# "Modernizing" a Hunter ICC-8000



## MRTkH (Apr 22, 2021)

I have an ICC-800PL. Previous homeowner installed 24 zones in the yard. Yeah, it's complicated but it works. I would like to be able to control zones remotely or potentially upgrade to an wifi controller so I can control with my phone. I've not seen WiFi-frendily controllers that can handle 24 and buying 2 twelve wifi controllers seems a bit much and complicated.

I have considered putting in a HUNTER ROAM-KIT to let me run it from my yard, remotely. Meaning be able to walk and turn on and off, but that doesn't give me true remote control (i.e. via my phone when I'm away).

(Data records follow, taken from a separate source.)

(* Let $X$ be a Tychonoff space and let $cX$, $dX$ be compactifications of $X$ with $dX\preceq cX$, witnessed by a continuous map $\varphi: cX\to dX$. Suppose $X$ is an $F_{\sigma\delta}$ subset of $cX$ and that the family $\mathcal F(cX,dX)$ is at most countable. Then $X$ is an $F_{\sigma\delta}$ subset of $dX$.
   Context: A compactification of $X$ is a pair $(cX,\varphi_c)$ with $cX$ compact Hausdorff and $\varphi_c$ a homeomorphic embedding of $X$ onto a dense subspace of $cX$; we identify $X$ with its image in $cX$ (and in $dX$). We write $dX\preceq cX$ if there exists a continuous map $\varphi:cX\to dX$ with $\varphi_d=\varphi\circ\varphi_c$. For such $\varphi$, $\mathcal F(cX,dX):=\{\varphi^{-1}(x) : x\in dX,\ \varphi^{-1}(x)\text{ is not a singleton}\}$. An $F_{\sigma\delta}$ set is a countable intersection of countable unions of closed sets. *)

From HB Require Import structures.
From mathcomp Require Import all_boot all_order all_algebra.
From mathcomp Require Import all_classical all_reals all_analysis.
Set Implicit Arguments. Unset Strict Implicit. Unset Printing Implicit Defensive.
Import Order.TTheory GRing.Theory Num.Theory.
Local Open Scope classical_set_scope.

Definition tychonoff_space (X : topologicalType) : Prop :=
  completely_regular_space X /\ accessible_space X.

Definition embedding (X Y : topologicalType) (f : X -> Y) : Prop :=
  [/\ continuous f, injective f &
      forall U : set X, open U -> exists V : set Y, open V /\ f @^-1` V = U].

Definition compactification (X cX : topologicalType) (fc : X -> cX) : Prop :=
  [/\ compact [set: cX], hausdorff_space cX, embedding fc & dense (range fc)].

Definition Fsigmadelta (T : topologicalType) (A : set T) : Prop :=
  exists F : nat -> nat -> set T,
    (forall n m, closed (F n m)) /\ A = \bigcap_n \bigcup_m F n m.

Definition nontrivial_fibres (cX dX : topologicalType) (phi : cX -> dX)
  : set (set cX) :=
  [set phi @^-1` [set y] | y in
     [set y : dX | ~ exists x : cX, phi @^-1` [set y] = [set x]]].

(* X = \bigcap_n S_n in cX with every S_n an F_sigma set.  A non-singleton fibre
   K of phi is compact and misses X (the fibre over a point of X is a single
   point of X), and compactness of K yields an F_sigma set S_K containing X and
   missing K.  As phi is a closed map, it sends F_sigma sets to F_sigma sets,
   and phi(X) = \bigcap_n phi(S_n) `&` \bigcap_K phi(S_K): a point with fibre
   {p} lies in every phi(S_n) only if p lies in X, and a point with a
   non-singleton fibre K is missed by phi(S_K).  Only countably many K occur. *)

From HB Require Import structures.
From mathcomp Require Import all_boot all_order all_algebra.
From mathcomp Require Import all_classical all_reals all_analysis.
Set Implicit Arguments.
Unset Strict Implicit.
Unset Printing Implicit Defensive.
Local Open Scope classical_set_scope.

Definition Fsigma (T : topologicalType) (A : set T) : Prop :=
  exists C : nat -> set T, (forall m, closed (C m)) /\ A = \bigcup_m C m.

Section Fsigma_sets.
Variable T : topologicalType.
Implicit Types (A B Y K : set T).

Lemma FsigmaT : Fsigma [set: T].
Proof.
exists (fun=> setT); split => [_|]; first exact: closedT.
by rewrite bigcup_const //; exists 0%N.
Qed.

Lemma Fsigma_bigcup (I : countType) (D : set I) (C : I -> set T) :
  (forall i, D i -> closed (C i)) -> Fsigma (\bigcup_(i in D) C i).
Proof.
move=> clC; rewrite bigcup_mkcond.
exists (fun j => if unpickle j is Some i then
                 (if i \in D then C i else set0) else set0); split.
  move=> j; case: unpickle => [i|]; last exact: closed0.
  by case: ifPn => [/set_mem/clC|_]; last exact: closed0.
apply/seteqP; split=> x [i _ Cix].
  by exists (pickle i) => //; rewrite pickleK.
by case: unpickle Cix => // j Cjx; exists j.
Qed.

Lemma Fsigmadelta_bigcap_nat (S : nat -> set T) :
  (forall n, Fsigma (S n)) -> Fsigmadelta (\bigcap_n S n).
Proof.
move=> /choice[C /all_and2[clC SE]]; exists C; split => //.
by congr (\bigcap_n _); apply: funext => n; rewrite SE.
Qed.

Lemma Fsigmadelta_bigcap (I : Type) (D : set I) (S : I -> set T) :
  countable D -> (forall i, D i -> Fsigma (S i)) ->
  Fsigmadelta (\bigcap_(i in D) S i).
Proof.
move=> /countable_injP[f finj] FS.
pose fibre n := [set i | D i /\ f i = n].
have -> : \bigcap_(i in D) S i = \bigcap_n \bigcap_(i in fibre n) S i.
  apply/seteqP; split=> [x DSx n _ i [Di _]|x Sx i Di]; first exact: DSx.
  exact: (Sx (f i)).
apply: Fsigmadelta_bigcap_nat => n.
have [[i [Di <-]]|nofib] := pselect (exists i, D i /\ f i = n).
  have -> : fibre (f i) = [set i].
    apply/seteqP; split=> [j [Dj fji]|j ->]; last by [].
    exact: finj (mem_set Dj) (mem_set Di) fji.
  by rewrite bigcap_set1; exact: FS.
have -> : fibre n = set0.
  by apply/seteqP; split=> // j [Dj fj]; apply: nofib; exists j; rewrite fj.
by rewrite bigcap_set0; exact: FsigmaT.
Qed.

Lemma FsigmadeltaI A B :
  Fsigmadelta A -> Fsigmadelta B -> Fsigmadelta (A `&` B).
Proof.
move=> [FA [clFA ->]] [FB [clFB ->]].
exists (fun n => if odd n then FA n./2 else FB n./2); split.
  by move=> n m; case: odd; [exact: clFA|exact: clFB].
apply/seteqP; split=> [x [FAx FBx] n _|x Fx].
  by case: odd; [exact: FAx|exact: FBx].
split=> n _.
  by have := Fx n.*2.+1 I; rewrite /= odd_double uphalf_double.
by have := Fx n.*2 I; rewrite odd_double doubleK.
Qed.

Lemma compact_bigcap_closed_finite K (G : nat -> set T) :
  compact K -> (forall n, closed (G n)) -> K `&` \bigcap_n G n = set0 ->
  exists N, K `&` \bigcap_(n < N) G n = set0.
Proof.
move=> cK clG KG0.
have KnG x : K x -> exists n, ~ G n x.
  move=> Kx; apply: contrapT => /forallNP nG.
  suff : (K `&` \bigcap_n G n) x by rewrite KG0.
  by split=> // n _; exact: contrapT.
have := (compact_near_coveringP K).1 cK nat \oo
  (fun N x => exists2 n, (n < N)%N & ~ G n x) _.
case.
  move=> x /KnG[n nGx]; exists (~` G n, [set i | (n < i)%N]) => /=.
    split; last by exists n.+1.
    by apply: open_nbhs_nbhs; split => //; exact: closed_openC.
  by move=> [x' i] /= [? ?]; exists n.
move=> N _ KP; exists N; apply/seteqP; split=> // x [Kx GNx].
by have [n nN] := KP N (leqnn N) x Kx; apply; exact: GNx.
Qed.

Lemma Fsigmadelta_compact_separation Y K :
  Fsigmadelta Y -> compact K -> K `&` Y = set0 ->
  exists S, [/\ Fsigma S, Y `<=` S & K `&` S = set0].
Proof.
move=> [F [clF ->]] cK KY0.
pose meet (s : seq nat) := \bigcap_(n < size s) F n (nth 0%N s n).
exists (\bigcup_(s in [set s | K `&` meet s = set0]) meet s); split.
- by apply: Fsigma_bigcup => s _; apply: closed_bigI => n _; exact: clF.
- move=> p Yp.
  have /choice[sg Fsg] : forall n, exists m, F n m p.
    by move=> n; have [m _] := Yp n I; exists m.
  (* The meet of the F n (sg n) misses K, so by compactness a finite one does. *)
  have KFsg0 : K `&` \bigcap_n F n (sg n) = set0.
    by apply: subsetI_eq0 KY0 => // x Fx n _; exists (sg n) => //; exact: Fx.
  have [N KN0] := compact_bigcap_closed_finite cK (fun n => clF n (sg n)) KFsg0.
  have meetE : meet (mkseq sg N) = \bigcap_(n < N) F n (sg n).
    apply/seteqP; rewrite /meet size_mkseq.
    by split=> x Fx n nN; have := Fx n nN; rewrite nth_mkseq.
  by exists (mkseq sg N); rewrite /= meetE // => n _.
- apply/seteqP; split=> // x [Kx [s Ks sx]].
  by have : (K `&` meet s) x by []; rewrite Ks.
Qed.
End Fsigma_sets.

Section Continuous_images.
Variables (T U : topologicalType) (f : T -> U).
Hypotheses (cT : compact [set: T]) (hU : hausdorff_space U) (cf : continuous f).

Lemma closed_image_compact A : closed A -> closed (f @` A).
Proof.
move=> clA; apply: compact_closed => //.
apply: continuous_compact; first exact: continuous_subspaceT.
exact: subclosed_compact clA cT (@subsetT _ A).
Qed.

Lemma Fsigma_image A : Fsigma A -> Fsigma (f @` A).
Proof.
move=> [C [clC ->]]; exists (fun m => f @` C m); split.
  by move=> m; exact: closed_image_compact.
by rewrite image_bigcup.
Qed.
End Continuous_images.

Lemma embedding_fibre_set1 (X cX dX : topologicalType)
    (fc : X -> cX) (fd : X -> dX) (phi : cX -> dX) :
  hausdorff_space cX -> continuous fc -> dense (range fc) -> embedding fd ->
  continuous phi -> fd = phi \o fc ->
  forall x, phi @^-1` [set fd x] = [set fc x].
Proof.
move=> hcX cfc dfc [_ _ fd_trace] cphi efd x.
apply/seteqP; split=> [p /= phip|_ ->]; last by rewrite /= efd.
apply: hcX => A B; rewrite nbhsE => -[A' [oA' A'p] A'A].
move=> /(cfc x); rewrite nbhsE => -[U [oU Ux] UB].
have [V [oV VU]] := fd_trace U oU.
have [w [[A'w Vw] [z _ zw]]] : (A' `&` phi @^-1` V) `&` range fc !=set0.
  apply: dfc; last by apply: openI => //; exact: open_comp.
  by exists p; split => //=; rewrite phip; move: Ux; rewrite -VU.
subst w; exists (fc z); split; first exact: A'A.
by apply: UB; rewrite -VU /= efd.
Qed.

Lemma image_bigcap_nontrivial_fibres (T U : topologicalType) (phi : T -> U)
    (S : nat -> set T) (SK : set T -> set T) :
  (forall K, nontrivial_fibres phi K ->
    \bigcap_n S n `<=` SK K /\ K `&` SK K = set0) ->
  phi @` (\bigcap_n S n) =
    (\bigcap_n phi @` S n) `&` \bigcap_(K in nontrivial_fibres phi) phi @` SK K.
Proof.
move=> sepK; apply/seteqP; split=> [_ [p Sp <-]|y [Sy SKy]].
  split=> [n _|K /sepK[SSK _]]; exists p => //; [exact: Sp|exact: SSK].
have [[p fibre_y]|nontriv] := pselect (exists p, phi @^-1` [set y] = [set p]).
  have phip : phi p = y by have : [set p] p by []; rewrite -fibre_y.
  exists p => // n _; have [q Sq phiq] := Sy n I.
  by have : (phi @^-1` [set y]) q by []; rewrite fibre_y /= => <-.
pose K := phi @^-1` [set y].
have FK : nontrivial_fibres phi K by exists y.
have [q SKq phiq] := SKy K FK.
by have : (K `&` SK K) q by []; rewrite (sepK K FK).2.
Qed.

Theorem corollary3p4 (X cX dX : topologicalType) (fc : X -> cX) (fd : X -> dX)
  (phi : cX -> dX) :
  tychonoff_space X ->
  compactification fc -> compactification fd ->
  continuous phi -> fd = phi \o fc ->
  Fsigmadelta (range fc) ->
  countable (nontrivial_fibres phi) ->
  Fsigmadelta (range fd).
Proof.
(* X is Tychonoff anyway, being a subspace of the compact Hausdorff space cX. *)
move=> _ [cXc cXh [cfc _ _] dfc] [_ dXh emb_fd _] cphi efd Yfsd cntF.
have fibre_fd := embedding_fibre_set1 cXh cfc dfc emb_fd cphi efd.
have sep K : nontrivial_fibres phi K ->
    exists S, [/\ Fsigma S, range fc `<=` S & K `&` S = set0].
  case=> y nsy <-; apply: Fsigmadelta_compact_separation Yfsd _ _.
    apply: subclosed_compact cXc (@subsetT _ _).
    apply: preimage_closed => //.
    exact/accessible_closed_set1/hausdorff_accessible.
  apply/seteqP; split=> // p [/= phip [x _ xp]]; apply: nsy; exists (fc x).
  by rewrite -phip -xp -fibre_fd efd.
have /choice[SK HSK] : forall K, exists S, nontrivial_fibres phi K ->
    [/\ Fsigma S, range fc `<=` S & K `&` S = set0].
  move=> K; have [/sep[S ?]|nFK] := pselect (nontrivial_fibres phi K).
    by exists S.
  by exists set0.
have [F [clF Yeq]] := Yfsd.
have -> : range fd = phi @` range fc by rewrite efd image_comp.
rewrite Yeq (image_bigcap_nontrivial_fibres (SK := SK)).
  apply: FsigmadeltaI; apply: Fsigmadelta_bigcap => //.
    move=> n _; apply: Fsigma_image => //; exists (F n); split => //.
  by move=> K /HSK[FS _ _]; exact: Fsigma_image.
by move=> K /HSK[_ YS KS]; rewrite -Yeq.
Qed.
Let M (x y t : R) : mat3 := gram N (at_pt phi x y t).
Let M1 (x y t : R) : mat3 := gram_lam N lams (at_pt phi x y t).

Section AtPoint.

Variables (x y t : R) (lam : C) (a b : nat).
Hypothesis Hp : D x y t.
Hypothesis lam_regular : forall al, (al < N)%nat -> lam <> RtoC (lams al).
Hypothesis Ha : (a < 3)%nat.
Hypothesis Hb : (b < 3)%nat.

Lemma lax_x_iff :
  has_pdx (Lfun N lams phi lam a b) x y t
    (comm (Wx lam (f x y t) (g x y t)) (Lmat N lams (at_pt phi x y t) lam) a b)
  <-> defect_x lam (f x y t) (g x y t) (M x y t) a b = 0%C.
Proof.
  rewrite comm_Wx_Lmat by exact lam_regular.
  apply is_derive_shift_iff.
  apply (is_derive_Lmat N (fun c al s => phi c al s y t)
    (fun al => Wx (RtoC (lams al)) (f x y t) (g x y t))); auto.
  - intros; apply Wx_skew.
  - intros al c Hal Hc; exact (HFx al c x y t Hal Hc Hp).
Qed.

Lemma lax_y_iff :
  has_pdy (Lfun N lams phi lam a b) x y t
    (comm (Wy lam (u x y t) (f x y t) (g x y t)) (Lmat N lams (at_pt phi x y t) lam) a b)
  <-> defect_y lam (u x y t) (f x y t) (g x y t) (M x y t) a b = 0%C.
Proof.
  rewrite comm_Wy_Lmat by exact lam_regular.
  apply is_derive_shift_iff.
  apply (is_derive_Lmat N (fun c al s => phi c al x s t)
    (fun al => Wy (RtoC (lams al)) (u x y t) (f x y t) (g x y t))); auto.
  - intros; apply Wy_skew.
  - intros al c Hal Hc; exact (HFy al c x y t Hal Hc Hp).
Qed.

Lemma lax_t_iff :
  has_pdt (Lfun N lams phi lam a b) x y t
    (comm (Wt lam (u x y t) (uy x y t) (f x y t) (fy x y t) (g x y t) (gy x y t)
              (v1 x y t) (v2 x y t))
          (Lmat N lams (at_pt phi x y t) lam) a b)
  <-> defect_t lam (u x y t) (uy x y t) (f x y t) (fy x y t) (g x y t) (gy x y t)
        (v1 x y t) (v2 x y t) (M x y t) (M1 x y t) a b = 0%C.
Proof.
  rewrite comm_Wt_Lmat by exact lam_regular.
  apply is_derive_shift_iff.
  apply (is_derive_Lmat N (fun c al s => phi c al x y s)
    (fun al => Wt (RtoC (lams al)) (u x y t) (uy x y t) (f x y t) (fy x y t)
                  (g x y t) (gy x y t) (v1 x y t) (v2 x y t))); auto.
  - intros; apply Wt_skew.
  - intros al c Hal Hc; exact (HFt al c x y t Hal Hc Hp).
Qed.

End AtPoint.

Are there any good options for a 24 zone WiFi-controller I may have missed? 
Also, I doubt there is a plug-in that could let me keep this old controller yet control it with an app. However, I thought maybe i missed something and one does exist. Anyone seen such a feature?


----------



## g-man (Jun 15, 2017)

I know OpenSprinkler can. https://opensprinkler.com/

I dont know of others.


----------



## Riverpilot (Mar 26, 2019)

Hunter Hydrawise, Pro-HC or HCC.

https://www.hunterindustries.com/product-line/Hydrawise


----------